Q: What is this about the National Institute of Health? Why are they tracking you or providing healthcare?

A: The NIH does a lot of medical research. There are many medicare areas that cost our a lot of government money. NIH finds these and works on finding ways to treat them better. Many seriously ill US citizens get a large amount of money from the government through programs like VA benefits, Social Security, Medicaid, Medicare, state-funded programs that includes a large Federal contribution, etc. In this instance, the Federal guys aren't providing anything but medical supervision of my care by an outside  distinguished researcher.

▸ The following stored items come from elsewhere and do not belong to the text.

Lemma edges_hold_cat val l1 l2 :
  edges_hold val (l1 ++ l2) <-> edges_hold val l1 /\ edges_hold val l2.
Proof.
split=> [H | [H1 H2] e].
  by split=> e He; apply: H; rewrite mem_cat He ?orbT.
by rewrite mem_cat => /orP [] He; [exact: H1 | exact: H2].
Qed.

Lemma gr_bounds (t : rterm n) src tgt next :
  src < next -> tgt < next ->
  let r := gr t src tgt next in
  next <= r.1 /\ forall e, e \in r.2 -> e.1.1 < r.1 /\ e.1.2 < r.1.
Proof.
elim: t src tgt next => [s|u IHu v IHv|u IHu v IHv|u IHu v IHv] src tgt next hs ht /=.
- by split=> // e; rewrite inE => /eqP ->.
- have [h1 r1] := IHu src tgt next hs ht.
  have [h2 r2] := IHv src tgt _ (leq_trans hs h1) (leq_trans ht h1).
  split=> [|e]; first exact: leq_trans h2.
  rewrite mem_cat => /orP [] He; last exact: r2.
  by have [a b] := r1 e He; split; apply: leq_trans h2.
all: have [h1 r1] := IHu src next next.+1 (leqW hs) (ltnSn next).
all: have [h2 r2] := IHv next tgt _ h1 (leq_trans ht (ltnW h1)).
all: split=> [|e]; first exact: leq_trans (ltnW h1) h2.
all: rewrite mem_cat => /orP [] He; last exact: r2.
all: by have [a b] := r1 e He; split; apply: leq_trans h2.
Qed.

Lemma interp_of_edges (t : rterm n) src tgt next val :
  plus_free t -> edges_hold val (gr t src tgt next).2 ->
  interp R t (val src) (val tgt).
Proof.
elim: t src tgt next => [s|u IHu v IHv|u IHu v IHv|u IHu v IHv] src tgt next //= hp.
- by move=> H; apply: (H (src, tgt, s)); rewrite inE.
- case/andP: hp => pu pv /edges_hold_cat [H1 H2].
  by split; [exact: IHu H1 | exact: IHv H2].
- case/andP: hp => pu pv /edges_hold_cat [H1 H2].
  by exists (val next); split; [exact: IHu H1 | exists (val tgt); split; [exact: IHv H2|]].
Qed.

Lemma edges_of_interp (t : rterm n) src tgt next val0 :
  plus_free t -> src < next -> tgt < next -> interp R t (val0 src) (val0 tgt) ->
  exists2 val, (forall v, v < next -> val v = val0 v) &
               edges_hold val (gr t src tgt next).2.
Proof.
elim: t src tgt next val0 => [s|u IHu v IHv|u IHu v IHv|u IHu v IHv] src tgt next val0
  //= hp hs ht.
- by move=> H; exists val0 => // e; rewrite inE => /eqP ->.
- case/andP: hp => pu pv [H1 H2].
  have [val1 e1 ok1] := IHu src tgt next val0 pu hs ht H1.
  have [h1 r1] := gr_bounds u hs ht.
  have H2' : interp R v (val1 src) (val1 tgt) by rewrite !e1.
  have [val2 e2 ok2] := IHv src tgt _ val1 pv (leq_trans hs h1) (leq_trans ht h1) H2'.
  exists val2 => [w hw|]; first by rewrite e2 ?e1 // (leq_trans hw h1).
  apply/edges_hold_cat; split=> // e He.
  by have [b1 b2] := r1 e He; rewrite !e2 //; exact: ok1.
- case/andP: hp => pu pv [c [H1 [d [H2 Hd]]]]; subst d.
  (* the middle vertex [next] receives the intermediate point [c] *)
  pose val0' (w : nat) := if w == next then c else val0 w.
  have old w : w < next -> val0' w = val0 w.
    by rewrite /val0'; case: eqVneq => // ->; rewrite ltnn.
  have H1' : interp R u (val0' src) (val0' next) by rewrite old // /val0' eqxx.
  have [val1 e1 ok1] := IHu src next next.+1 val0' pu (leqW hs) (ltnSn next) H1'.
  have [h1 r1] := gr_bounds u (leqW hs) (ltnSn next).
  have H2' : interp R v (val1 next) (val1 tgt).
    by rewrite (e1 next (ltnSn next)) (e1 tgt (leqW ht)) (old tgt ht) /val0' eqxx.
  have [val2 e2 ok2] := IHv next tgt _ val1 pv h1 (leq_trans ht (ltnW h1)) H2'.
  exists val2 => [w hw|]; first by rewrite e2 ?e1 ?old //; lia.
  apply/edges_hold_cat; split=> // e He.
  by have [b1 b2] := r1 e He; rewrite !e2 //; exact: ok1.
Qed.
End Graph.
Variables (u1 w1 psi1 psir psiz : R -> R -> R -> R).
Hypothesis psir_spec : forall r z t, W r z t -> derivable_pt_lim (fun x => psi1 x z t) r (psir r z t).
Hypothesis psiz_spec : forall r z t, W r z t -> derivable_pt_lim (fun y => psi1 r y t) z (psiz r z t).
Hypothesis poisson_eq : forall r z t, W r z t -> exists prr pzz,
  derivable_pt_lim (fun x => psir x z t) r prr /\
  derivable_pt_lim (fun y => psiz r y t) z pzz /\
  - (prr + 3 / r * psir r z t + pzz) = w1 r z t.
Hypothesis vorticity_eq : forall r z t, W r z t -> exists wt wr wz u2z,
  derivable_pt_lim (fun s => w1 r z s) t wt /\
  derivable_pt_lim (fun x => w1 x z t) r wr /\
  derivable_pt_lim (fun y => w1 r y t) z wz /\
  derivable_pt_lim (fun y => u1 r y t ^ 2) z u2z /\
  wt + (- r * psiz r z t) * wr + (2 * psi1 r z t + r * psir r z t) * wz = u2z.

Variables (U UZ Om OR OZ Psi PR PZ PRR PZZ : R -> R -> R).
Hypothesis u1_ss : ss (-1 + gamma / 2) u1 U.
Hypothesis w1_ss : ss (-1) w1 Om.
Hypothesis psi1_ss : ss (-1 + 2 * gamma) psi1 Psi.
Hypothesis U_Z : forall X Y, X < 0 -> derivable_pt_lim (fun y => U X y) Y (UZ X Y).
Hypothesis Om_R : forall X Y, X < 0 -> derivable_pt_lim (fun x => Om x Y) X (OR X Y).
Hypothesis Om_Z : forall X Y, X < 0 -> derivable_pt_lim (fun y => Om X y) Y (OZ X Y).
Hypothesis Psi_R : forall X Y, X < 0 -> derivable_pt_lim (fun x => Psi x Y) X (PR X Y).
Hypothesis Psi_Z : forall X Y, X < 0 -> derivable_pt_lim (fun y => Psi X y) Y (PZ X Y).
Hypothesis PR_R : forall X Y, X < 0 -> derivable_pt_lim (fun x => PR x Y) X (PRR X Y).
Hypothesis PZ_Z : forall X Y, X < 0 -> derivable_pt_lim (fun y => PZ X y) Y (PZZ X Y).
Hypothesis OZ_cont : contD OZ.
Hypothesis Psi_cont : contD Psi.
Hypothesis profiles_decay : forall X, X <= 0 -> forall eps, eps > 0 -> exists M,
  forall Y, M < Rabs Y -> Rabs (U X Y) + Rabs (Om X Y) < eps.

He checks all the work, and where he has suggestions, he shares them. If there is a new medical success or trial, and I am a good candidate, I may be offered opportunities that aren't available to the public to try, including new drugs and new techniques. Nothing is obligatory. The ten-year survival rate record for MS plus brain cancer has been set by a person who went through this process and is still being monitored by the NIH (and by my doctor.)

Q: Any special successes so far in your medical case?

A: Yes, and my bride Sue deserves credit. The initial plan for me following surgery was 4-6 weeks in a convalescent hospital so I could relearn to walk and talk. Sue started her own recovery plan and had me walking and talking (more slowly but with much control) within three days. That's a big one. A second success was both permission to take appropriate medications when pain became a problem, and avoid the anti-pain medications where I felt functional. By being able to control it myself, I was able to shift out of the pain-killers in about two weeks, having taken only about half the standard set. The radiation therapy seems pretty good, too. It is removing the cancerous tissue quite well thus far.

Q: Any gripes?

Anytime I come up with one, I am reminded how far behind I am in remembering I am being treated beside our nation's Purple Heart earners. I see these kids, 17-22 or so most of them, learning to walk with prosthetic legs or arms or learning the life of a wheelchair-bound veteran. I have no business griping beside these kids.  Parking at the hospital has gotten better since I've been going each day (I know where to look for a handicapped space!) I pay no insurance, no co-pays, no drug expenses, and I don't need any at home care beyond Sue and the boys. Gripes? No, I don't think I have any gripes.